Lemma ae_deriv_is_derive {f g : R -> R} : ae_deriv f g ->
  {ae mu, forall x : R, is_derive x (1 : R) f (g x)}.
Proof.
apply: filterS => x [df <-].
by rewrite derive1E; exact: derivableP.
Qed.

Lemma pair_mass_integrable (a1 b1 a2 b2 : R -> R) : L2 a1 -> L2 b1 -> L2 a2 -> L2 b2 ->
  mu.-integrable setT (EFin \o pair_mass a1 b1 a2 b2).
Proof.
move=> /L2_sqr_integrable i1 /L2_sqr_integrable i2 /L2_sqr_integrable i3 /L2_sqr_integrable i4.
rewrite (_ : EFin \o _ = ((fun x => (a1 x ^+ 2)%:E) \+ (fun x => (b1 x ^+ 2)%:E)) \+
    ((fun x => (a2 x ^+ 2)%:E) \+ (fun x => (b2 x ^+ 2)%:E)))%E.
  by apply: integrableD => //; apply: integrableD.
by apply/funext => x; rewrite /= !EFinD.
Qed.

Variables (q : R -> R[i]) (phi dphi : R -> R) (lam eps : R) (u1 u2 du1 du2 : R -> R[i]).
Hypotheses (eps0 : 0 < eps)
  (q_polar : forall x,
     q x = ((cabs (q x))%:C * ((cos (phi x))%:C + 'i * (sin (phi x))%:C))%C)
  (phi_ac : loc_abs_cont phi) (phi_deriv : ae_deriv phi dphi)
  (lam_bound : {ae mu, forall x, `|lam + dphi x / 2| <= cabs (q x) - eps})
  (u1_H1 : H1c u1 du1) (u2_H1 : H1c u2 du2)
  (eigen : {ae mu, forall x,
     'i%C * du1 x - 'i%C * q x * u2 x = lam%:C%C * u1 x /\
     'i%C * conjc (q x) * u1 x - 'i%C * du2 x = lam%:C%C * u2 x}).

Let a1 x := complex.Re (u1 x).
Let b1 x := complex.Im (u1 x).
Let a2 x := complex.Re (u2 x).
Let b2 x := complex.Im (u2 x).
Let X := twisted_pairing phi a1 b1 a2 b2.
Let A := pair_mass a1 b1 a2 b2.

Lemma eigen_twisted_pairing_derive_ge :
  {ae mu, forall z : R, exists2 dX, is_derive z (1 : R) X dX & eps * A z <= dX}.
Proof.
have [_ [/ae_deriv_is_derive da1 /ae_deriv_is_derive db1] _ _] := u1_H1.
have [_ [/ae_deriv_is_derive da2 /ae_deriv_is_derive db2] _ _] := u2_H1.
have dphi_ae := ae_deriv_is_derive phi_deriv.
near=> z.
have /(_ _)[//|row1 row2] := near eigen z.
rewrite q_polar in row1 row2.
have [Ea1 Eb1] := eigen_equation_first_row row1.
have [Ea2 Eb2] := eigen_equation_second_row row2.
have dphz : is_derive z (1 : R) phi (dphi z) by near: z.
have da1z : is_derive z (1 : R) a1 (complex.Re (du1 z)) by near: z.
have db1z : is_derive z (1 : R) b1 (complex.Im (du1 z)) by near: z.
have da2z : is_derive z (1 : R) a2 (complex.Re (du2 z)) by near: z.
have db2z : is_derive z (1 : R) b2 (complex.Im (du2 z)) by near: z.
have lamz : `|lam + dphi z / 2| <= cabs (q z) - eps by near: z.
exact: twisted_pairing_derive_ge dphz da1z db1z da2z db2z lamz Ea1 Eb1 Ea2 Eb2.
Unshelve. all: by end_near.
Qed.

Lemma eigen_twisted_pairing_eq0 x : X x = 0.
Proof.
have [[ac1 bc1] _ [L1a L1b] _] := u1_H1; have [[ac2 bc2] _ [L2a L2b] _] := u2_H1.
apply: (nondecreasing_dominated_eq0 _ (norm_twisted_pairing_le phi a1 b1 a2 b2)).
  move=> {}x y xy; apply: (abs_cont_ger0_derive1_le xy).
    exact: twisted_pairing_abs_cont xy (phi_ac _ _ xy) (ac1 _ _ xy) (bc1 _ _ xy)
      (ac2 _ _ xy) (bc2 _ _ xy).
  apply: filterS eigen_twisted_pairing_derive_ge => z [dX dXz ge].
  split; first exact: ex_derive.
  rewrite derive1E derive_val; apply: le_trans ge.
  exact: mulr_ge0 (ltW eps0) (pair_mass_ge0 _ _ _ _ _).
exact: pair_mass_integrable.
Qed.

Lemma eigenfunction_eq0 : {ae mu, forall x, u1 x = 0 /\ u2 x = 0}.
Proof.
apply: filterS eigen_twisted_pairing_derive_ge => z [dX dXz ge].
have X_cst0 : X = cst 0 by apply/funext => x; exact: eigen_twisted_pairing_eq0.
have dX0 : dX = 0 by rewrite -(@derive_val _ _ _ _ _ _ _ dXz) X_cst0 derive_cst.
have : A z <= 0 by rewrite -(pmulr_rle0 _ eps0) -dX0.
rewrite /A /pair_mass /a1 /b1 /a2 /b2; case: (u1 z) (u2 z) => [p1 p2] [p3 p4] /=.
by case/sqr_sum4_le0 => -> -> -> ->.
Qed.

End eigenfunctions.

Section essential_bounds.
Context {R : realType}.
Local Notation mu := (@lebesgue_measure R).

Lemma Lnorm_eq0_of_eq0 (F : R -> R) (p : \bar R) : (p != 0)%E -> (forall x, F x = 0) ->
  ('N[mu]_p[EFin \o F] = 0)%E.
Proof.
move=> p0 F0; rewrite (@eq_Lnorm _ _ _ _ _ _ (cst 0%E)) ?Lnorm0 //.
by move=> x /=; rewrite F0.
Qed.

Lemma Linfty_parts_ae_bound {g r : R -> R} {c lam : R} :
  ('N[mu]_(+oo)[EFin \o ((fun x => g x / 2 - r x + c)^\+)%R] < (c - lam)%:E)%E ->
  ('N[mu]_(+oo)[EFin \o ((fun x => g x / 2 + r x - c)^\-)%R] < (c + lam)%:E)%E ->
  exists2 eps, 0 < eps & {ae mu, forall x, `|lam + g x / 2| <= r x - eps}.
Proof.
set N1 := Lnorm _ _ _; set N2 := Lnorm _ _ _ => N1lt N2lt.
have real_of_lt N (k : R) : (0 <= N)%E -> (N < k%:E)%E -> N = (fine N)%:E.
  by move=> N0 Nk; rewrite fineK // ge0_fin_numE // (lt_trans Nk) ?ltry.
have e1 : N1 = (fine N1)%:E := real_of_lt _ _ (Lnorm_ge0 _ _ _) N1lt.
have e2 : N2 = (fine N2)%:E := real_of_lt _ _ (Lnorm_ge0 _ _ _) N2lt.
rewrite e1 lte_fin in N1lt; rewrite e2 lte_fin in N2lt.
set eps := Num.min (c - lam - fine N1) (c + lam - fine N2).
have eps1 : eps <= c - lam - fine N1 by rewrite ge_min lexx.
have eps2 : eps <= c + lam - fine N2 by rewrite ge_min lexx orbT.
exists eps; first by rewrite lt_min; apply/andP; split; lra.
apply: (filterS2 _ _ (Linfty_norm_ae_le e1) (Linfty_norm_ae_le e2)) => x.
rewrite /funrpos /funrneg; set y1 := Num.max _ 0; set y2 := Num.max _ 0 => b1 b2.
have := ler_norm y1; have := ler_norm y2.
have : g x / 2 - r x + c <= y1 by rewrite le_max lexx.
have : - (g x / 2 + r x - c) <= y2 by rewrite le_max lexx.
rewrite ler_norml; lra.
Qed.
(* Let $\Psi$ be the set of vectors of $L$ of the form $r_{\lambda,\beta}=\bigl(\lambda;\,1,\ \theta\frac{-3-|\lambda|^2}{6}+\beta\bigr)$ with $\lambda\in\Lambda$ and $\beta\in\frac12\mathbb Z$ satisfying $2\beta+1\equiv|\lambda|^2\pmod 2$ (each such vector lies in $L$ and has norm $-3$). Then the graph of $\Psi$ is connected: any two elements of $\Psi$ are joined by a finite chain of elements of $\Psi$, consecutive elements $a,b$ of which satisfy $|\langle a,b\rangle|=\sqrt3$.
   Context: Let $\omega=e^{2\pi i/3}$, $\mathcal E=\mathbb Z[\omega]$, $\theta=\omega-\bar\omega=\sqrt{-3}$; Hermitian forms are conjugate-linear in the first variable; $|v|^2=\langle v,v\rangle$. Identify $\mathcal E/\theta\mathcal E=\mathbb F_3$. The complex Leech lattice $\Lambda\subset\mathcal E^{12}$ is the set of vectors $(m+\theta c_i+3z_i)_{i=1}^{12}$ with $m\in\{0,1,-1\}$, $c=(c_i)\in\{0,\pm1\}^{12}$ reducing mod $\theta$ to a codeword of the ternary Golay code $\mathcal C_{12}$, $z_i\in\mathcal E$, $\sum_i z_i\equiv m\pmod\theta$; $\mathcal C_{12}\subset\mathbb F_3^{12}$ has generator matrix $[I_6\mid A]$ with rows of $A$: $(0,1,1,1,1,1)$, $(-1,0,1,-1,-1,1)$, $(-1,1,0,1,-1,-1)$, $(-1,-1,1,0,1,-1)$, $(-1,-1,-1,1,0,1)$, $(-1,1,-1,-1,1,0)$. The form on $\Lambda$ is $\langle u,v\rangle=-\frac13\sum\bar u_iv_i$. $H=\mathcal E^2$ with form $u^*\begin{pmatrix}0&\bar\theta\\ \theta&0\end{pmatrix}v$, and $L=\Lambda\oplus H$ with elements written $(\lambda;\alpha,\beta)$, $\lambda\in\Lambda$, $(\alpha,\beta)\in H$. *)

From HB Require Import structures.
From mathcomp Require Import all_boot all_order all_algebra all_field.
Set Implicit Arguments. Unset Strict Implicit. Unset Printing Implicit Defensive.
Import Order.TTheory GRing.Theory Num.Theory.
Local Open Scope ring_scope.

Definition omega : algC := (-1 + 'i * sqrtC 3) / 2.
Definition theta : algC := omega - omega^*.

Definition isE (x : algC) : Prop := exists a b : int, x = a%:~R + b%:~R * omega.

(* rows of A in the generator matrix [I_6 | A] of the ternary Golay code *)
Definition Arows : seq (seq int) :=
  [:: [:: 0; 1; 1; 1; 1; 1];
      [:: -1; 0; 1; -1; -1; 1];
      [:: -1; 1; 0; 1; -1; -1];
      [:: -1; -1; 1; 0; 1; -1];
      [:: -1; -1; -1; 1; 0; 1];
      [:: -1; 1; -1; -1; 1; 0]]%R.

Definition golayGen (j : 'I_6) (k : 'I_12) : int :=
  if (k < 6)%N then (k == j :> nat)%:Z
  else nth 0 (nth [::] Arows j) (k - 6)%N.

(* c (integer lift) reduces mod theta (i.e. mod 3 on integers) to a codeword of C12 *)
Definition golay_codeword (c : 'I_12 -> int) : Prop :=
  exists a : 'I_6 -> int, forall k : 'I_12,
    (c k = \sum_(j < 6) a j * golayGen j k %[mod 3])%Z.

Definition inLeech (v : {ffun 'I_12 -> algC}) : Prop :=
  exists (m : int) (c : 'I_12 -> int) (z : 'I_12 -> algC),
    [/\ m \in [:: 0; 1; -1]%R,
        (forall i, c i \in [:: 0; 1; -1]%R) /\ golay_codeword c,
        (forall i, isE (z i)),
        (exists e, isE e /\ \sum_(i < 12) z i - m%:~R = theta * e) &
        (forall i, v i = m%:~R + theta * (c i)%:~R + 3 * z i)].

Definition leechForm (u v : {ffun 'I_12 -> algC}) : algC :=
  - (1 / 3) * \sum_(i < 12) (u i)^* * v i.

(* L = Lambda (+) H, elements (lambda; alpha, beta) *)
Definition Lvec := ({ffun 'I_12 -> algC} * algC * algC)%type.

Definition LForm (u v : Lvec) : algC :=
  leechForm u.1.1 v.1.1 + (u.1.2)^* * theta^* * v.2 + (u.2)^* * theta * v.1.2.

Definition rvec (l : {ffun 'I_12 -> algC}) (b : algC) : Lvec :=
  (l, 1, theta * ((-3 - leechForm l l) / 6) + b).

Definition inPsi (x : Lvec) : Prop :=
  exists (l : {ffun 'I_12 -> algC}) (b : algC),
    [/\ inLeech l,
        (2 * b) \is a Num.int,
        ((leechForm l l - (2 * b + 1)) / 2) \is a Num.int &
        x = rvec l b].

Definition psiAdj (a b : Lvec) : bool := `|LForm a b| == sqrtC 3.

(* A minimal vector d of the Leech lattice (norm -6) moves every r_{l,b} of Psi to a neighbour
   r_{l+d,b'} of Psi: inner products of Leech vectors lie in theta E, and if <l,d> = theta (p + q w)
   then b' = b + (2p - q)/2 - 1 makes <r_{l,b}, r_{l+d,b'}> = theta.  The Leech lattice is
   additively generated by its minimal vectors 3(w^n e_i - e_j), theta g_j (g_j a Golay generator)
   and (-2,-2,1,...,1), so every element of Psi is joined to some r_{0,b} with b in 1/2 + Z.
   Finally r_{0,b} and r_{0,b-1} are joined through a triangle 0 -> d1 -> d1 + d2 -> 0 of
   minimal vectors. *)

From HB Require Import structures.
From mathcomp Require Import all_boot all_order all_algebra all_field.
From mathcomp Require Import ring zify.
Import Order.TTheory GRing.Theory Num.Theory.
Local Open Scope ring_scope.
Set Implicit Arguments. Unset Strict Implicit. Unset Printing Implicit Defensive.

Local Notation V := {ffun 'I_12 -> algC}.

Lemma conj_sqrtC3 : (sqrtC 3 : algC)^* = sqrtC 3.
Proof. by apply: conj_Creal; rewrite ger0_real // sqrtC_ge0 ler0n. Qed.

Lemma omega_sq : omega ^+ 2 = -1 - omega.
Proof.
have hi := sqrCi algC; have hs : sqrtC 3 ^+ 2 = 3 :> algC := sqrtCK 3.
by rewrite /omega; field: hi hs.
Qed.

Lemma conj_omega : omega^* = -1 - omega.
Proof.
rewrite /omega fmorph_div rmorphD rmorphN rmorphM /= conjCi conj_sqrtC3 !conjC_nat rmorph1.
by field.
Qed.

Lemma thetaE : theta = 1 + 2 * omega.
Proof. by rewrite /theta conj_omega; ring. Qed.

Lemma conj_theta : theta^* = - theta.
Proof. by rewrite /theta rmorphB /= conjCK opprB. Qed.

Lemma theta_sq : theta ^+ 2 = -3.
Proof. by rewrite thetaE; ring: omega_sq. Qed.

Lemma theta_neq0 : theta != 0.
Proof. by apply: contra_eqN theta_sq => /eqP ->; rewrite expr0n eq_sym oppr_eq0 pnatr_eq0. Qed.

○ ○ ○ ○

If a line in the data holds the string "Lvec", copy that line.

Definition Lvec := ({ffun 'I_12 -> algC} * algC * algC)%type.
Definition LForm (u v : Lvec) : algC :=
Definition rvec (l : {ffun 'I_12 -> algC}) (b : algC) : Lvec :=
Definition inPsi (x : Lvec) : Prop :=
Definition psiAdj (a b : Lvec) : bool := `|LForm a b| == sqrtC 3.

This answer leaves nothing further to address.